Retour sur la mythique course américaine qui aura fait plus parler d’elle pour des raisons autres que celles liées aux résultats de la course. La première critique et elle est essentielle vient du goudronnage général de la fameuse route qui dénature l’esprit de la course, favorise une augmentation des vitesses de passage mais aussi hélas du nombre d’accidents qui ont été nombreux cette année et qui pour certains aurait pu se finir très mal pour les pilotes.

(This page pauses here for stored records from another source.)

Fixpoint SP {R : realType} {n : nat} (A0 A1 : 'M[R]_n) (k : nat) : 'M[R]_n * 'M[R]_n :=
  match k with
  | 0 => (A0, A1)
  | k'.+1 => let SPk := SP A0 A1 k' in (SPk.2 *m A0, SPk.1 + SPk.2 *m A1)
  end.

Definition Smx {R : realType} {n : nat} (A0 A1 : 'M[R]_n) k := (SP A0 A1 k).1.
Definition Pmx {R : realType} {n : nat} (A0 A1 : 'M[R]_n) k := (SP A0 A1 k).2.

Definition obsmx {R : realType} {n p : nat} (A0 A1 : 'M[R]_n) (C : 'M[R]_(p, n)) :=
  col_mx (row_mx C (0 : 'M[R]_(p, n)))
    (col_mx (row_mx (0 : 'M[R]_(p, n)) C)
       (\mxcol_(k < (2 * n - 2)%N)
           (row_mx (C *m Smx A0 A1 k) (C *m Pmx A0 A1 k) : 'M[R]_(p, n + n)))).

Definition is_solution {R : realType} {n r : nat} (A0 A1 : 'M[R]_n) (B : 'M[R]_(n, r))
    (t1 : R) (x : R -> 'cV[R]_n) (u : R -> 'cV[R]_r) : Prop :=
  [/\ Ck (2 * n - 1) x, (forall t, derivable (derive1 x) t 1), Ck (2 * n - 3) u &
      forall t, 0 <= t <= t1 -> derive1n 2 x t = A0 *m x t + A1 *m derive1 x t + B *m u t].

Definition observable_on {R : realType} {n r p : nat} (A0 A1 : 'M[R]_n) (B : 'M[R]_(n, r))
    (C : 'M[R]_(p, n)) (t1 : R) : Prop :=
  forall (u : R -> 'cV[R]_r) (x z : R -> 'cV[R]_n),
    is_solution A0 A1 B t1 x u -> is_solution A0 A1 B t1 z u ->
    (forall t, 0 <= t <= t1 -> C *m x t = C *m z t) ->
    x 0 = z 0 /\ derive1 x 0 = derive1 z 0.

From HB Require Import structures.
From mathcomp Require Import all_boot all_order all_algebra.
From mathcomp Require Import all_classical all_reals all_analysis.
From mathcomp Require Import zify ring.
Import Order.TTheory GRing.Theory Num.Theory.
Import numFieldNormedType.Exports.
Set Implicit Arguments. Unset Strict Implicit. Unset Printing Implicit Defensive.
Local Open Scope ring_scope.

(* With the state s = (x, x'), the system reads s' = M s + (0, B u) for the block companion
   matrix M = [0 1; A0 A1], and the block rows of O(A0, A1, C) are [C 0] M^k for k < 2n
   ([C S_k  C P_k] = [C 0] M^(k+2)).  By Cayley-Hamilton, O v = 0 iff [C 0] M^k v = 0 for
   every k.  If O has full rank, the difference s of two trajectories with the same input and
   output solves s' = M s with [C 0] s = 0 on [0, t1]; differentiating, [C 0] M^k s = 0 on
   ]0, t1[, so s vanishes there and, by continuity, at 0.  Conversely, a nonzero v in the
   kernel of O gives the trajectory exp(tM) v of the free system, whose output vanishes
   identically, just like that of the zero trajectory. *)

Section LinearAlgebra.
Variable F : fieldType.

Lemma row_full_mulmx_eq0P m n (A : 'M[F]_(m, n)) :
  reflect (forall y : 'cV_n, A *m y = 0 -> y = 0) (row_full A).
Proof.
apply: (iffP idP) => [fullA y Ay0 | injA].
  have freeAT : row_free A^T by rewrite /row_free mxrank_tr.
  apply: trmx_inj; apply/eqP.
  by rewrite trmx0 -(mulmx_free_eq0 _ freeAT) -trmx_mul Ay0 trmx0.
have kerAT0 : kermx A^T = 0.
  apply/row_matrixP => i; rewrite row0; apply: trmx_inj; rewrite trmx0.
  by apply: injA; rewrite -[A]trmxK -trmx_mul trmxK -row_mul mulmx_ker row0 trmx0.
have := mxrank_ker A^T; rewrite kerAT0 mxrank0 mxrank_tr => /esym/eqP.
by rewrite subn_eq0 /row_full eqn_leq rank_leq_col.
Qed.

Lemma horner_mx_coef n (M : 'M[F]_n.+1) (q : {poly F}) :
  horner_mx M q = \sum_(i < size q) q`_i *: M ^+ i.
Proof.
rewrite -{1}[q]coefK poly_def raddf_sum; apply: eq_bigr => i _.
by rewrite /= horner_mxZ rmorphXn /= horner_mx_X.
Qed.

Lemma mulmx_mxpow_eq0 n q (M : 'M[F]_n) (L : 'M[F]_(q, n)) (y : 'cV[F]_n) :
  (forall k, (k < n)%N -> L *m M ^+ k *m y = 0) -> forall k, L *m M ^+ k *m y = 0.
Proof.
case: n M L y => [|n] M L y lowM0 k; first by rewrite [y]flatmx0 mulmx0.
set p := char_poly M.
have -> : M ^+ k = horner_mx M ('X^k %% p).
  have -> : M ^+ k = horner_mx M 'X^k by rewrite rmorphXn /= horner_mx_X.
  by rewrite {1}(divp_eq 'X^k p) rmorphD rmorphM /= Cayley_Hamilton mulr0 add0r.
have : (size ('X^k %% p)%R <= n.+1)%N.
  by rewrite -ltnS -(size_char_poly M) ltn_modpN0 // monic_neq0 // char_poly_monic.
rewrite horner_mx_coef mulmx_sumr mulmx_suml => size_le; apply: big1 => i _.
by rewrite -scalemxAr -scalemxAl lowM0 ?scaler0 // (leq_trans (ltn_ord i)).
Qed.

End LinearAlgebra.

Section Companion.
Variable R : nzRingType.

Definition companion_mx n (A0 A1 : 'M[R]_n) : 'M[R]_(n + n) := block_mx 0 1%:M A0 A1.

Lemma mul_row_companion n q (A0 A1 : 'M[R]_n) (X Y : 'M[R]_(q, n)) :
  row_mx X Y *m companion_mx A0 A1 = row_mx (Y *m A0) (X + Y *m A1).
Proof. by rewrite mul_row_block !mulmx0 mulmx1 add0r. Qed.

Lemma mul_companion_col n q (A0 A1 : 'M[R]_n) (X Y : 'M[R]_(n, q)) :
  companion_mx A0 A1 *m col_mx X Y = col_mx Y (A0 *m X + A1 *m Y).
Proof. by rewrite mul_block_col !mul0mx mul1mx add0r. Qed.

End Companion.

Section ObservabilityMatrix.
Variables (R : realType) (n p : nat) (A0 A1 : 'M[R]_n) (C : 'M[R]_(p, n)).
Local Notation M := (companion_mx A0 A1).

Lemma obsmx_rowE k :
  row_mx (C *m Smx A0 A1 k) (C *m Pmx A0 A1 k) = row_mx C 0 *m M ^+ k.+2.
Proof.
elim: k => [|k IHk]; last first.
  rewrite exprSr -mulmxE [RHS]mulmxA -IHk mul_row_companion /Smx /Pmx /=.
  by rewrite !mulmxA mulmxDr mulmxA.
by rewrite expr2 -mulmxE mulmxA !mul_row_companion !mul0mx addr0 add0r.
Qed.

Lemma mulmx_obsmx_eq0P (y : 'cV[R]_(n + n)) : (0 < n)%N ->
  obsmx A0 A1 C *m y = 0 <-> forall k, row_mx C 0 *m M ^+ k *m y = 0.
Proof.
move=> n_gt0; set L := row_mx C 0.
have -> : obsmx A0 A1 C *m y = col_mx (L *m M ^+ 0 *m y)
    (col_mx (L *m M ^+ 1 *m y) (\mxcol_(k < 2 * n - 2) (L *m M ^+ k.+2 *m y))).
  rewrite /obsmx !mul_col_mx mxcol_mul expr0 mulmx1 expr1 mul_row_companion.
  rewrite !mul0mx addr0; congr (col_mx _ (col_mx _ _)).
  by apply: eq_mxcol => k; rewrite obsmx_rowE.
split=> [/eqP | LMy0]; last first.
  by rewrite !LMy0 (eq_mxcol (B_ := fun=> 0)) ?mxcol0 ?col_mx0.
rewrite !col_mx_eq0 -mxcol0 => /andP[/eqP LMy0 /andP[/eqP LMy1 /eqP/eq_mxcolP LMy]].
apply: mulmx_mxpow_eq0 => -[|[|k]] // k_lt.
have k_lt' : (k < 2 * n - 2)%N by lia.
exact: (LMy (Ordinal k_lt')).
Qed.

End ObservabilityMatrix.

Arguments mulmx_obsmx_eq0P {R n p A0 A1 C y}.

Section Derivatives.
Variable R : realType.
Local Open Scope classical_set_scope.

Lemma is_derive_mxP m n (f : R -> 'M[R]_(m, n)) (df : 'M[R]_(m, n)) (t : R) :
  is_derive t 1 f df <-> forall i j, is_derive t 1 (fun s => f s i j) (df i j).
Proof.
split=> [[derf <-] i j | dfij].
  have derfij := (derivable_mxP f t 1).1 derf i j.
  by apply: DeriveDef => //; rewrite derive_mx // mxE.
have derf : derivable f t 1 by apply/derivable_mxP => i j; exact: ex_derive.
apply: DeriveDef => //; rewrite derive_mx //; apply/matrixP => i j.
by rewrite mxE derive_val.
Qed.

Lemma is_derive_mulmx m n q (A : 'M[R]_(m, n)) (f : R -> 'M[R]_(n, q)) df (t : R) :
  is_derive t 1 f df -> is_derive t 1 (fun s => A *m f s) (A *m df).
Proof.
move=> /is_derive_mxP dfij; apply/is_derive_mxP => i j.
have -> : (fun s => (A *m f s) i j) = \sum_(k < n) A i k \*: (fun s => f s k j).
  by apply/funext => s; rewrite fct_sumE mxE.
by rewrite mxE; apply: is_derive_sum => k; exact: is_deriveZ.
Qed.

C’est donc Rhys Millen qui emporte la course 2012 en battant le record détenu par Nobuhiro Tajima mais cela était couru d’avance puisque le revêtement n’était pas le même et l’enrobé du départ à l’arrivée permet de gagner de précieuses secondes. Jean Philippe Dayraut a du abandonner à quelques encablures de l’arrivée car les freins de son Duster avaient passé l’arme à gauche causant une sortie de route (le problème des freins et du grip des pneus a d’ailleurs été souligné par tous ou presque comme un facteur de risque important). Romain Dumas termine second pour quelques millièmes. Monster Tajima a du abandonner avec son prototype électrique qui a eu un coup de chaud et a commencé à brûler, accident pour le prototype i-MiEV et pas grand chose à noter dans la classe VE si ce n’est la victoire de Toyota avec un prototype déjà bien rôdé que nous avons pu voir tourner sur le Ring. Une chose est sure, Pikes Peak pourrait bien perdre de son intérêt et de sa notoriété si rien n’est fait en matière de sécurité (à cause de la nette augmentation de la vitesse sur le seconde moitié du tracé) et si les organisateurs ne font pas un effort pour redonner un peu d’attrait à la course qui risque bien de n’être plus qu’une course de côte parmi d’autres ! Les critiques sont bien trop nombreuses pour ne rien faire dans les mois à venir.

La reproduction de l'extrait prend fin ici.